Some of the dwellings in Tombolin were built into the hills themselves, burrowing underground into interconnected communities. There were taverns, homes, and other places of business in these subterranean passageways. As such, the village was larger that it might first appear. Above ground was a more pastoral farming community while the underground was a thriving marketplace, where craftsmen and peddlers sold their wares. Serus Thespid was one such craftsman, who maintained a smithy in the aptly-named Underground.
Serus was a large, heavily muscled man, his thinning mop of hair more gray than red, his wild beard streaked with soot more often than not. His features were grim and angular, as if cut from stone. As he lifted his hammer to strike the length of metal laid out on his table, it was like watching solid rock violently separate from a cliff side. His wiry frame wound taut, as if constantly prepared to spring into terrifying action. He was very serious about his work and celebrated for his skill at his craft. The sound of his hammer on steel echoed through the underground corridors endlessly.
Serus Thespid's smithy was located in a secluded corner of the Underground, far away from the hustle and bustle of the central marketplace. Those who required his services knew where to find him as his work spoke for itself. The blacksmith, reclusive as he was, required the relative solitude to perfect his craft. For many years he had been the primary smith of Tombolin and as far as he was concerned it would remain that way--until he passed his skills on to his son, as his father had done to him. It was a time-honored tradition for the Thespid line that stretched back to the days of the First Priests. Or so he was told; Serus had his doubts about how the village had been founded. Stories have a way of being distorted with the retelling.
Still the smithy was choked with the sound of the hammer striking steel. The blacksmith's current task was the silvery blade of a long sword, a recent commission. Weapons of war were a common request for Thespid, despite Tombolin's lack of conflict with outside forces. As secluded as the village was, it very rarely saw visitors of any kind, much less armies advancing to occupy its soil. Still, stories had been passed down since the time of the First Priests that recounted the exploits of the terrible creatures of Lakara. It was foretold that these beasts would one day seek to reclaim the great clearing on which Tombolin now rested.

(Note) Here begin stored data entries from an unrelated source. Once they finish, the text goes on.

Lemma Forall_cat (A : Type) (P : A -> Prop) (s1 s2 : seq A) :
  List.Forall P (s1 ++ s2) <-> List.Forall P s1 /\ List.Forall P s2.
Proof. exact: List.Forall_app. Qed.

Lemma Forall_last (A : Type) (P : A -> Prop) x s : List.Forall P (x :: s) -> P (last x s).
Proof. by elim: s x => [|y s IH] x /List.Forall_cons_iff [Px Ps] //=; apply: IH. Qed.

Lemma Forall_bounded (A : Type) (f : A -> nat) (s : seq A) :
  exists N, List.Forall (fun v => (f v <= N)%N) s.
Proof.
elim: s => [|v s [N HN]]; first by exists 0%N.
exists (maxn (f v) N); constructor; first exact: leq_maxl.
by apply: List.Forall_impl HN => u Hu; rewrite leq_max Hu orbT.
Qed.

Lemma split_at_first (A : Type) (P : A -> Prop) (s : seq A) :
  List.Forall P s \/ exists s1 b s2, [/\ s = s1 ++ b :: s2, List.Forall P s1 & ~ P b].
Proof.
elim: s => [|x s IH]; first by left.
have [Px|nPx] := pselect (P x); last by right; exists [::], x, s.
case: IH => [Hs|[s1 [b [s2 [-> Hs1 Hb]]]]]; first by left; constructor.
by right; exists (x :: s1), b, s2; split => //; constructor.
Qed.

Lemma sup_le_ge0 (R : realType) (A : set R) b :
  0 <= b -> (forall r, A r -> r <= b) -> sup A <= b.
Proof.
move=> b0 Ab; have [->|/set0P A0] := eqVneq A set0; first by rewrite sup0.
exact: ge_sup.
Qed.
Definition brown_bar (x : W) : W := mkW (bβ x) (bj x) (bj' x) (bα x).

Definition brown_trip (x y z : W) : W :=
  brown_mul (brown_mul x (brown_bar y)) z + brown_mul (brown_mul z (brown_bar y)) x
  - brown_mul (brown_mul z (brown_bar x)) y.

Definition s0 : W := mkW 1 0 0 (-1).

Definition omega (x y : W) : k :=
  bα x * bβ y - bα y * bβ x + alb_tr (bj x) (bj' y) - alb_tr (bj' x) (bj y).

Definition tprod (x y z : W) : W :=
  2%:R *: brown_trip x (brown_mul s0 y) z
  - omega y z *: x - omega y x *: z - omega x z *: y.

Definition wedge (x y : W) : W -> W := fun a => omega x a *: y - omega y a *: x.

Definition Lop (x y : W) : W -> W := fun a => tprod x y a.

Definition jprod (F H : W -> W) : W -> W := fun a => 2%:R^-1 *: (F (H a) + H (F a)).

Definition fprime (p q : W * W) : k :=
  omega p.1 q.1 * omega p.2 q.2 - omega p.1 q.2 * omega p.2 q.1.

Definition odot_pair (p q : W * W) : W -> W := fun a =>
  jprod (Lop p.1 q.1) (Lop p.2 q.2) a - jprod (Lop p.1 q.2) (Lop p.2 q.1) a
  + (11%:R / 28%:R * fprime p q) *: a.

(* Elements of span{a /\ b} are given by formal sums (lists of pairs). *)
Definition wsum (u : seq (W * W)) : W -> W :=
  fun a => \sum_(p <- u) wedge p.1 p.2 a.

Definition odot2 (u v : seq (W * W)) : W -> W :=
  fun a => \sum_(p <- u) \sum_(q <- v) odot_pair p q a.

Definition in_sigma (u : seq (W * W)) : Prop := \sum_(p <- u) omega p.1 p.2 = 0.

Definition is_linW (D : W -> W) : Prop :=
  forall (c : k) (x y : W), D (c *: x + y) = c *: D x + D y.

Definition is_sp (D : W -> W) : Prop :=
  is_linW D /\ forall x y, omega (D x) y + omega x (D y) = 0.

Definition is_Sp (g : W -> W) : Prop :=
  is_linW g /\ bijective g /\ forall x y, omega (g x) (g y) = omega x y.

Definition Dact (D : W -> W) (u : seq (W * W)) : seq (W * W) :=
  [seq (D p.1, p.2) | p <- u] ++ [seq (p.1, D p.2) | p <- u].

Definition gact (g : W -> W) (u : seq (W * W)) : seq (W * W) :=
  [seq (g p.1, g p.2) | p <- u].

End Defs.

Notation Brown k := (k^o * Alb k * Alb k * k^o)%type.

(* Write wE a b c d for the element (a, b E11, c E11, d) of the Brown algebra, where
   E11 is a matrix unit in the first factor of the split Albert algebra, and e1, ..., e4
   for wE 1 0 0 0, ..., wE 0 0 0 1.  The cubic norm is affine along E11, so
   E11 x E11 = 0 and the span of e1, ..., e4 is closed under the triple product t, on
   which t is an explicit cubic polynomial map.  Take u = e2 /\ e4 and v = e3 /\ e4;
   computing L_{x,y} on all of W for the four pairs (x, y) that occur shows that
   u odot_2 v = 0.  The square-zero map D : x |-> beta(x) e1 lies in sp(W, omega), hence
   annihilates u odot_2 v, whereas the alpha-coordinate of (Du odot_2 v + u odot_2 Dv)(e1)
   is -4.  The transvection 1 + D lies in Sp(W, omega) and fixes e1, so the same
   evaluation refutes invariance under it. *)
From mathcomp Require Import all_boot all_algebra.
From mathcomp Require Import ring.
Import GRing.Theory.
Local Open Scope ring_scope.
Set Implicit Arguments. Unset Strict Implicit.

Section Matrix3.
Variable R : comNzRingType.

Definition i0 : 'I_3 := @Ordinal 3 0 isT.
Definition i1 : 'I_3 := @Ordinal 3 1 isT.
Definition i2 : 'I_3 := @Ordinal 3 2 isT.

Lemma sum_ord3 (F : 'I_3 -> R) : \sum_i F i = F i0 + F i1 + F i2.
Proof.
by rewrite !big_ord_recr big_ord0 /= add0r; congr (F _ + F _ + F _); apply: val_inj.
Qed.

Lemma mxtrace3 (A : 'M[R]_3) : \tr A = A i0 i0 + A i1 i1 + A i2 i2.
Proof. exact: sum_ord3. Qed.

Lemma mulmx3E (A B : 'M[R]_3) i j :
  (A *m B) i j = A i i0 * B i0 j + A i i1 * B i1 j + A i i2 * B i2 j.
Proof. by rewrite mxE sum_ord3. Qed.

Lemma det_mx33 (A : 'M[R]_3) : \det A =
  A i0 i0 * (A i1 i1 * A i2 i2 - A i1 i2 * A i2 i1)
  - A i0 i1 * (A i1 i0 * A i2 i2 - A i1 i2 * A i2 i0)
  + A i0 i2 * (A i1 i0 * A i2 i1 - A i1 i1 * A i2 i0).
Proof.
rewrite (expand_det_row _ i0) sum_ord3 /cofactor !(expand_det_row _ ord0).
rewrite !big_ord_recr !big_ord0 /= !add0r /cofactor !det_mx11 !mxE.
pose B (m n : nat) := A (inord m) (inord n).
have toB x y : A x y = B x y by rewrite /B !inord_val.
by rewrite !toB /= /bump /=; ring.
Qed.

Lemma mxtrace_mul_delta n (A : 'M[R]_n) i j : \tr (A *m delta_mx i j) = A j i.
Proof.
rewrite /mxtrace (bigD1 j) //= big1 ?addr0 => [|l /negPf nlj]; rewrite mxE.
  rewrite (bigD1 i) //= big1 ?addr0 => [|m /negPf nmi]; rewrite mxE ?nmi ?mulr0 //.
  by rewrite !eqxx mulr1.
by rewrite big1 // => m _; rewrite mxE nlj andbF mulr0.
Qed.

End Matrix3.

Section Albert.
Variable k : fieldType.
Implicit Types (X Y Z : Alb k) (a : k).

Definition E11 : Alb k := (delta_mx i0 i0, 0, 0).

Lemma alb_matrixP X Y :
  (forall i j, X.1.1 i j = Y.1.1 i j) -> (forall i j, X.1.2 i j = Y.1.2 i j) ->
  (forall i j, X.2 i j = Y.2 i j) -> X = Y.
Proof.
by case: X Y => [[X0 X1] X2] [[Y0 Y1] Y2] /= /matrixP-> /matrixP-> /matrixP->.
Qed.

Lemma alb_tr0l Y : alb_tr 0 Y = 0.
Proof. by rewrite /alb_tr /= !mul0mx !mxtrace0 !addr0. Qed.

Lemma alb_tr0r X : alb_tr X 0 = 0.
Proof. by rewrite /alb_tr /= !mulmx0 !mxtrace0 !addr0. Qed.

Lemma alb_trDl X Y Z : alb_tr (X + Y) Z = alb_tr X Z + alb_tr Y Z.
Proof. by rewrite /alb_tr /= !mulmxDl !mxtraceD; ring. Qed.

Lemma alb_trDr X Y Z : alb_tr X (Y + Z) = alb_tr X Y + alb_tr X Z.
Proof. by rewrite /alb_tr /= !mulmxDr !mxtraceD; ring. Qed.

Lemma alb_tr_E11 a1 a2 : alb_tr (a1 *: E11) (a2 *: E11) = a1 * a2.
Proof.
rewrite /alb_tr /= !scaler0 !mul0mx !mxtrace0 -scalemxAl -scalemxAr.
by rewrite !mxtraceZ mxtrace_mul_delta mxE !addr0 mulr1.
Qed.

Lemma alb_tr_eq0 X : (forall Z, alb_tr X Z = 0) -> X = 0.
Proof.
case: X => [[X0 X1] X2] trX0.
have [-> -> ->] : [/\ X0 = 0, X1 = 0 & X2 = 0] => //.
split; apply/matrixP => i j.
- by have := trX0 (delta_mx j i, 0, 0); rewrite /alb_tr /= !mulmx0 !mxtrace0
    !addr0 mxtrace_mul_delta mxE.
- by have := trX0 (0, 0, delta_mx j i); rewrite /alb_tr /= !mulmx0 !mxtrace0
    addr0 add0r mxtrace_mul_delta mxE.
- by have := trX0 (0, delta_mx j i, 0); rewrite /alb_tr /= !mulmx0 !mxtrace0
    !add0r mxtrace_mul_delta mxE.
Qed.

Lemma alb_det0 : alb_det (0 : Alb k) = 0.
Proof. by rewrite /alb_det /= det0 !mul0mx mxtrace0 !addr0 subr0. Qed.

Lemma alb_det_E11 a : alb_det (a *: E11) = 0.
Proof. by rewrite /alb_det /= !scaler0 det0 !mulmx0 mxtrace0 det_mx33 !mxE /=; ring. Qed.

Lemma alb_det_addE11 a Z : alb_det (a *: E11 + Z) = alb_det Z +
  a * (Z.1.1 i1 i1 * Z.1.1 i2 i2 - Z.1.1 i1 i2 * Z.1.1 i2 i1 - (Z.1.2 *m Z.2) i0 i0).
Proof.
case: Z => [[Z0 Z1] Z2]; rewrite /alb_det /= !scaler0 !add0r !det_mx33 !mxtrace3.
by rewrite !mulmx3E !mxE /=; ring.
Qed.

(* the polarisation of a function that is affine along E11 vanishes on E11 x E11 *)
Lemma alb_tri_E11 a1 a2 Z : alb_tri (a1 *: E11) (a2 *: E11) Z = 0.
Proof. by rewrite /alb_tri -!scalerDl !alb_det_addE11 !alb_det_E11; ring. Qed.

Lemma alb_tri0l Y Z : alb_tri 0 Y Z = 0.
Proof. by rewrite /alb_tri !add0r alb_det0; ring. Qed.

Lemma alb_tri0m X Z : alb_tri X 0 Z = 0.
Proof. by rewrite /alb_tri !addr0 add0r alb_det0; ring. Qed.

Variable cr : Alb k -> Alb k -> Alb k.
Hypothesis hcr : is_cross cr.

Lemma cross_eq0 X Y : (forall Z, alb_tri X Y Z = 0) -> cr X Y = 0.
Proof. by move=> tri0; apply: alb_tr_eq0 => Z; rewrite hcr tri0 mulr0. Qed.

Lemma cross0l Y : cr 0 Y = 0.
Proof. exact/cross_eq0/alb_tri0l. Qed.

Lemma cross0r X : cr X 0 = 0.
Proof. exact/cross_eq0/alb_tri0m. Qed.

Lemma cross_E11 a1 a2 : cr (a1 *: E11) (a2 *: E11) = 0.
Proof. exact/cross_eq0/alb_tri_E11. Qed.

End Albert.
Arguments E11 {k}.

(* brown is mkW behind a lock, so that simplification never unfolds it into tuples *)
Fact brown_key : unit. Proof. exact: tt. Qed.
Definition brown {k : fieldType} (a : k) (j j' : Alb k) (b : k) : Brown k :=
  locked_with brown_key (mkW a j j' b).

Section BrownCoordinates.
Variable k : fieldType.
Implicit Types (a b c : k) (j : Alb k) (x y z : Brown k).

Lemma brownE a j j' b : brown a j j' b = mkW a j j' b.
Proof. by rewrite /brown unlock. Qed.

Lemma brown_eta x : x = brown (bα x) (bj x) (bj' x) (bβ x).
Proof. by rewrite brownE; case: x => [[[]]]. Qed.

Lemma bα_brown a j j' b : bα (brown a j j' b) = a. Proof. by rewrite brownE. Qed.
Lemma bj_brown a j j' b : bj (brown a j j' b) = j. Proof. by rewrite brownE. Qed.
Lemma bj'_brown a j j' b : bj' (brown a j j' b) = j'. Proof. by rewrite brownE. Qed.
Lemma bβ_brown a j j' b : bβ (brown a j j' b) = b. Proof. by rewrite brownE. Qed.

Lemma bαD x y : bα (x + y) = bα x + bα y. Proof. by []. Qed.
Lemma bαN x : bα (- x) = - bα x. Proof. by []. Qed.
Lemma bαZ c x : bα (c *: x) = c * bα x. Proof. by []. Qed.
Lemma bα0 : bα (0 : Brown k) = 0. Proof. by []. Qed.

Lemma brown0 : 0 = brown 0 0 0 0 :> Brown k. Proof. by rewrite brownE. Qed.

Lemma brownD a1 j1 j1' b1 a2 j2 j2' b2 :
  brown a1 j1 j1' b1 + brown a2 j2 j2' b2 =
  brown (a1 + a2) (j1 + j2) (j1' + j2') (b1 + b2).
Proof. by rewrite !brownE. Qed.

Lemma brownN a j j' b : - brown a j j' b = brown (- a) (- j) (- j') (- b).
Proof. by rewrite !brownE. Qed.

Lemma brownZ c a j j' b : c *: brown a j j' b = brown (c * a) (c *: j) (c *: j') (c * b).
Proof. by rewrite !brownE. Qed.

Lemma brown_bar_brown a j j' b : brown_bar (brown a j j' b) = brown b j j' a.
Proof. by rewrite !brownE. Qed.

Lemma brown_bar0 : brown_bar 0 = 0 :> Brown k.
Proof. by rewrite brown0 brown_bar_brown. Qed.

Lemma omega_brown a1 j1 j1' b1 a2 j2 j2' b2 :
  omega (brown a1 j1 j1' b1) (brown a2 j2 j2' b2) =
  a1 * b2 - a2 * b1 + alb_tr j1 j2' - alb_tr j1' j2.
Proof. by rewrite !brownE. Qed.

Lemma brown_mul_brown cr a1 j1 j1' b1 a2 j2 j2' b2 :
  brown_mul cr (brown a1 j1 j1' b1) (brown a2 j2 j2' b2) =
  brown (a1 * a2 + alb_tr j1 j2') (a1 *: j2 + b2 *: j1 + 2%:R *: cr j1' j2')
        (a2 *: j1' + b1 *: j2' + 2%:R *: cr j1 j2) (b1 * b2 + alb_tr j2 j1').
Proof. by rewrite !brownE. Qed.

Lemma omega0l y : omega 0 y = 0.
Proof. by rewrite [y]brown_eta brown0 omega_brown !alb_tr0l; ring. Qed.

Lemma omega0r x : omega x 0 = 0.
Proof. by rewrite [x]brown_eta brown0 omega_brown !alb_tr0r; ring. Qed.

Lemma omegaDl x y z : omega (x + y) z = omega x z + omega y z.
Proof.
rewrite [x]brown_eta [y]brown_eta [z]brown_eta brownD !omega_brown !alb_trDl.
by ring.
Qed.

Lemma omegaDr x y z : omega x (y + z) = omega x y + omega x z.
Proof.
rewrite [x]brown_eta [y]brown_eta [z]brown_eta brownD !omega_brown !alb_trDr.
by ring.
Qed.

End BrownCoordinates.

Section TripleProduct.
Variable k : fieldType.
Variable cr : Alb k -> Alb k -> Alb k.
Hypothesis hcr : is_cross cr.
Implicit Types (a b c d e : k) (x y z : Brown k).

Ltac zero_simpl :=
  rewrite ?(scale0r, scaler0, scale1r, mul0r, mulr0, mul1r, mulr1, addr0, add0r,
            subr0, sub0r, oppr0, alb_tr0l, alb_tr0r, cross0l hcr, cross0r hcr).

Lemma brown_mul0l y : brown_mul cr 0 y = 0.
Proof. by rewrite [y]brown_eta brown0 brown_mul_brown; zero_simpl. Qed.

These creatures, dubbed only as Lakarans in the local lore, had been used as a symbol for countless decades. They were the object of every fairy tale, every scary story told to children. While those stories were tales of fantasy, many villagers still believed in the existence of these Lakarans and were determined to prepare for their return. The price of not being vigilant was death, so it was said. As such, young men and women of the village were uniformly taught the ways of war, as they themselves were taught by their forebears.
Thespid put little stock in these tales. The First Priests had a lot of strange beliefs that did not seem compatible with the way the world worked in his mind. It was not commonly believed that great powerful men in the sky were responsible for dictating the fates of mere mortals on the ground (as the Priests believed) so why then should it be believed that the Lakarans were real as well? In his fifty-odd years of life he'd seen not a whit of evidence of these beasts, unless the First Priests had confused deer and wolves for mystical beings. Serus had spent a lot of time in the Lakara Wood and had traveled deeper than most. There was nothing unusual out there, and if his suspicions were correct, there was likely nothing unusual on the outside of it either.
In his younger days he'd fancied the idea of traveling beyond Lakara and investigating the lands beyond, perhaps sighting the fabled Coramni Plains the First Priests had evidently traveled through to get to what became Tombolin. Duty to his craft and family superseded his desires and he never followed through on his ambition. He was becoming an old man now and imagined that he would never see what lay beyond those woods. Wistful for a moment, he paused with his hammer in mid air, but then he grunted and continued. It mattered not. There was no use pining over the decisions he'd made in the past. It was his responsibility as a man to provide for his family.